-- Task inputs follows --

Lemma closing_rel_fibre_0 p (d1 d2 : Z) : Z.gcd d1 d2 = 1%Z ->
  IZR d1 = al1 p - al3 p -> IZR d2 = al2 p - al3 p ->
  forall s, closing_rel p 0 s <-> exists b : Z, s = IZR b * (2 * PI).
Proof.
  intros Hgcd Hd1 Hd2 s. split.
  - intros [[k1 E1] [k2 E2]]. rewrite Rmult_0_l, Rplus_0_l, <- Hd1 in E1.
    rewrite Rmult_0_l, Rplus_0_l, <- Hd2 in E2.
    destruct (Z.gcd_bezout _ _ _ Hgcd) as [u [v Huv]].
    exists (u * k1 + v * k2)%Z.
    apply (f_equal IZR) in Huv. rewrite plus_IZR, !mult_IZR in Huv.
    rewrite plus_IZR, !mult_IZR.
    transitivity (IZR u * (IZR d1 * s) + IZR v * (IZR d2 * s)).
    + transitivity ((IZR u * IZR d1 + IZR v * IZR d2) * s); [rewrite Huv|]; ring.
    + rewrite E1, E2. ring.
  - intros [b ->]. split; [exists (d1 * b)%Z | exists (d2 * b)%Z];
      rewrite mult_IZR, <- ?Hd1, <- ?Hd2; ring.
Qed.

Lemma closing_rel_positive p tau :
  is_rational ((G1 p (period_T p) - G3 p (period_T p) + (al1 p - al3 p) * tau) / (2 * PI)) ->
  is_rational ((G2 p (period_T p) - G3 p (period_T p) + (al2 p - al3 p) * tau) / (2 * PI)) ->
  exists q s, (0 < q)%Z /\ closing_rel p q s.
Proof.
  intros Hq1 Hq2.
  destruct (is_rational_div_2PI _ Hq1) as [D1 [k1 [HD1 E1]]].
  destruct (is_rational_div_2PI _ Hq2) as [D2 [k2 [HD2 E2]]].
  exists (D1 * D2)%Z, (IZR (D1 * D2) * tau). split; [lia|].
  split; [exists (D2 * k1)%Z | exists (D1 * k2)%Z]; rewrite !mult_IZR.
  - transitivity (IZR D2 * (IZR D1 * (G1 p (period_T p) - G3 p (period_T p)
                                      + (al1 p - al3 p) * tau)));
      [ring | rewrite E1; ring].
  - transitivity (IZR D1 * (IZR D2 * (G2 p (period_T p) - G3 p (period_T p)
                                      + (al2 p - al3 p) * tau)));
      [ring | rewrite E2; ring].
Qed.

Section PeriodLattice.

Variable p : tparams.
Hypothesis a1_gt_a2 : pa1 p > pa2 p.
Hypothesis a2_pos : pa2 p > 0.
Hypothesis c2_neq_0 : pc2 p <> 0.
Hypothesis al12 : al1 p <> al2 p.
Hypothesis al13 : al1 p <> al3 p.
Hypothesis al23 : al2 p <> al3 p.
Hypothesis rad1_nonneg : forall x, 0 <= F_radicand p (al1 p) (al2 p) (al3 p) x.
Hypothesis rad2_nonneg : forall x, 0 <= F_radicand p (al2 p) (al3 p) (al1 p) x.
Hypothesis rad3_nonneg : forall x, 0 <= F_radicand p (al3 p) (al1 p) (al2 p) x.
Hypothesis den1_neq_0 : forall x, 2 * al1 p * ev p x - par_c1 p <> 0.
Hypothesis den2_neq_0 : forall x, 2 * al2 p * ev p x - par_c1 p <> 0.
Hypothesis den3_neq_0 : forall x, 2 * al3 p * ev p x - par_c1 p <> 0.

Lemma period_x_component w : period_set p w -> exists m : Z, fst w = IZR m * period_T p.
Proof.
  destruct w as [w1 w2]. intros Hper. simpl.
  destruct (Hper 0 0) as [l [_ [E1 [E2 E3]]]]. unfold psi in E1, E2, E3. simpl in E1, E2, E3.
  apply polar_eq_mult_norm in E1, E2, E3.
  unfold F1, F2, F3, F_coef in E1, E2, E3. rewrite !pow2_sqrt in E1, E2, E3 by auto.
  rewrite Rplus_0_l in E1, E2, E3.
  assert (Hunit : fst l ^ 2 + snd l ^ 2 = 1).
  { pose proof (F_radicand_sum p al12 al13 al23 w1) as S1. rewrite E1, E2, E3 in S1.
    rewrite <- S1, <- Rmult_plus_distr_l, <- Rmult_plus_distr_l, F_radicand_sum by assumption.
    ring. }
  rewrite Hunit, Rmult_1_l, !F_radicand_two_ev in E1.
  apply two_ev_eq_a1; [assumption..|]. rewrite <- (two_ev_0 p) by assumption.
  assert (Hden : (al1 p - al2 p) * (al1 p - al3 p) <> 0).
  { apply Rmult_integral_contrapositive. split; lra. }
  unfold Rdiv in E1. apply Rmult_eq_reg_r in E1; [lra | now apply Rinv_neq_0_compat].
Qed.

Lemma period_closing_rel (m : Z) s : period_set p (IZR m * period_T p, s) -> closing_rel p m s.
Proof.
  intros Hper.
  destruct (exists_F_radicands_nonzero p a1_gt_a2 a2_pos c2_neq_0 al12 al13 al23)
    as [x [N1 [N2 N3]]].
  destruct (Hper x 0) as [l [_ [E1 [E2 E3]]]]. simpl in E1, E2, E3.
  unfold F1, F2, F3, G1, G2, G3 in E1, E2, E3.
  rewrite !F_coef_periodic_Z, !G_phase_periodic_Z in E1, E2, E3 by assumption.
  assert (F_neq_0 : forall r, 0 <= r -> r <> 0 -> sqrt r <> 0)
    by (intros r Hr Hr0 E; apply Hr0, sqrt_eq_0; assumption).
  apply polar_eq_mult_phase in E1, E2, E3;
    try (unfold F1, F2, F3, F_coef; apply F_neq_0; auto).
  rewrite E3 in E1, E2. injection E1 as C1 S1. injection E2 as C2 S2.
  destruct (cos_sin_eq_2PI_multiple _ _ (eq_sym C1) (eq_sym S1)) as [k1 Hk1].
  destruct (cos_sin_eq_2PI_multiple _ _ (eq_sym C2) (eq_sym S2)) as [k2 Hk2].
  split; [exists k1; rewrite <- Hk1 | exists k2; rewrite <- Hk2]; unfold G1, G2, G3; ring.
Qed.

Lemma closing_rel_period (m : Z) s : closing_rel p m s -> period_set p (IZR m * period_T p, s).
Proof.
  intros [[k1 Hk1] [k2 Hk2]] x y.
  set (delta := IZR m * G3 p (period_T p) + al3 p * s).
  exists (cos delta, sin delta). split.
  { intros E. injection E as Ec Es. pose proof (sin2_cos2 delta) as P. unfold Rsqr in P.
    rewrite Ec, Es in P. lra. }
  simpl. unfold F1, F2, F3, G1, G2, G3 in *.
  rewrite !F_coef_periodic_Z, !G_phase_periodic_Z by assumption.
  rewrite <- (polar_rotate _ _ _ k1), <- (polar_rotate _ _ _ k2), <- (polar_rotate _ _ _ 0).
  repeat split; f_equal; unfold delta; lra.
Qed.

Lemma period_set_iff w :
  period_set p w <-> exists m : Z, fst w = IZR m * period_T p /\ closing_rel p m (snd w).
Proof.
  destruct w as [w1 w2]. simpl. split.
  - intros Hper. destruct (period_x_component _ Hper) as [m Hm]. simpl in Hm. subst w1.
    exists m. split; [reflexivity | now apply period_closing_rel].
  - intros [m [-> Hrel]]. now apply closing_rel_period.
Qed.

-- Task inputs concluded --

[Exercise objective]: Retype only the stretch of lines above starting at the one with "intros Hgcd Hd1 Hd2 s. split." and stopping at the one with "Hypothesis al13 : al1 p <> al3 p.", exactly as written, with both kept.

[Exercise result]:
  intros Hgcd Hd1 Hd2 s. split.
  - intros [[k1 E1] [k2 E2]]. rewrite Rmult_0_l, Rplus_0_l, <- Hd1 in E1.
    rewrite Rmult_0_l, Rplus_0_l, <- Hd2 in E2.
    destruct (Z.gcd_bezout _ _ _ Hgcd) as [u [v Huv]].
    exists (u * k1 + v * k2)%Z.
    apply (f_equal IZR) in Huv. rewrite plus_IZR, !mult_IZR in Huv.
    rewrite plus_IZR, !mult_IZR.
    transitivity (IZR u * (IZR d1 * s) + IZR v * (IZR d2 * s)).
    + transitivity ((IZR u * IZR d1 + IZR v * IZR d2) * s); [rewrite Huv|]; ring.
    + rewrite E1, E2. ring.
  - intros [b ->]. split; [exists (d1 * b)%Z | exists (d2 * b)%Z];
      rewrite mult_IZR, <- ?Hd1, <- ?Hd2; ring.
Qed.

Lemma closing_rel_positive p tau :
  is_rational ((G1 p (period_T p) - G3 p (period_T p) + (al1 p - al3 p) * tau) / (2 * PI)) ->
  is_rational ((G2 p (period_T p) - G3 p (period_T p) + (al2 p - al3 p) * tau) / (2 * PI)) ->
  exists q s, (0 < q)%Z /\ closing_rel p q s.
Proof.
  intros Hq1 Hq2.
  destruct (is_rational_div_2PI _ Hq1) as [D1 [k1 [HD1 E1]]].
  destruct (is_rational_div_2PI _ Hq2) as [D2 [k2 [HD2 E2]]].
  exists (D1 * D2)%Z, (IZR (D1 * D2) * tau). split; [lia|].
  split; [exists (D2 * k1)%Z | exists (D1 * k2)%Z]; rewrite !mult_IZR.
  - transitivity (IZR D2 * (IZR D1 * (G1 p (period_T p) - G3 p (period_T p)
                                      + (al1 p - al3 p) * tau)));
      [ring | rewrite E1; ring].
  - transitivity (IZR D1 * (IZR D2 * (G2 p (period_T p) - G3 p (period_T p)
                                      + (al2 p - al3 p) * tau)));
      [ring | rewrite E2; ring].
Qed.

Section PeriodLattice.

Variable p : tparams.
Hypothesis a1_gt_a2 : pa1 p > pa2 p.
Hypothesis a2_pos : pa2 p > 0.
Hypothesis c2_neq_0 : pc2 p <> 0.
Hypothesis al12 : al1 p <> al2 p.
Hypothesis al13 : al1 p <> al3 p.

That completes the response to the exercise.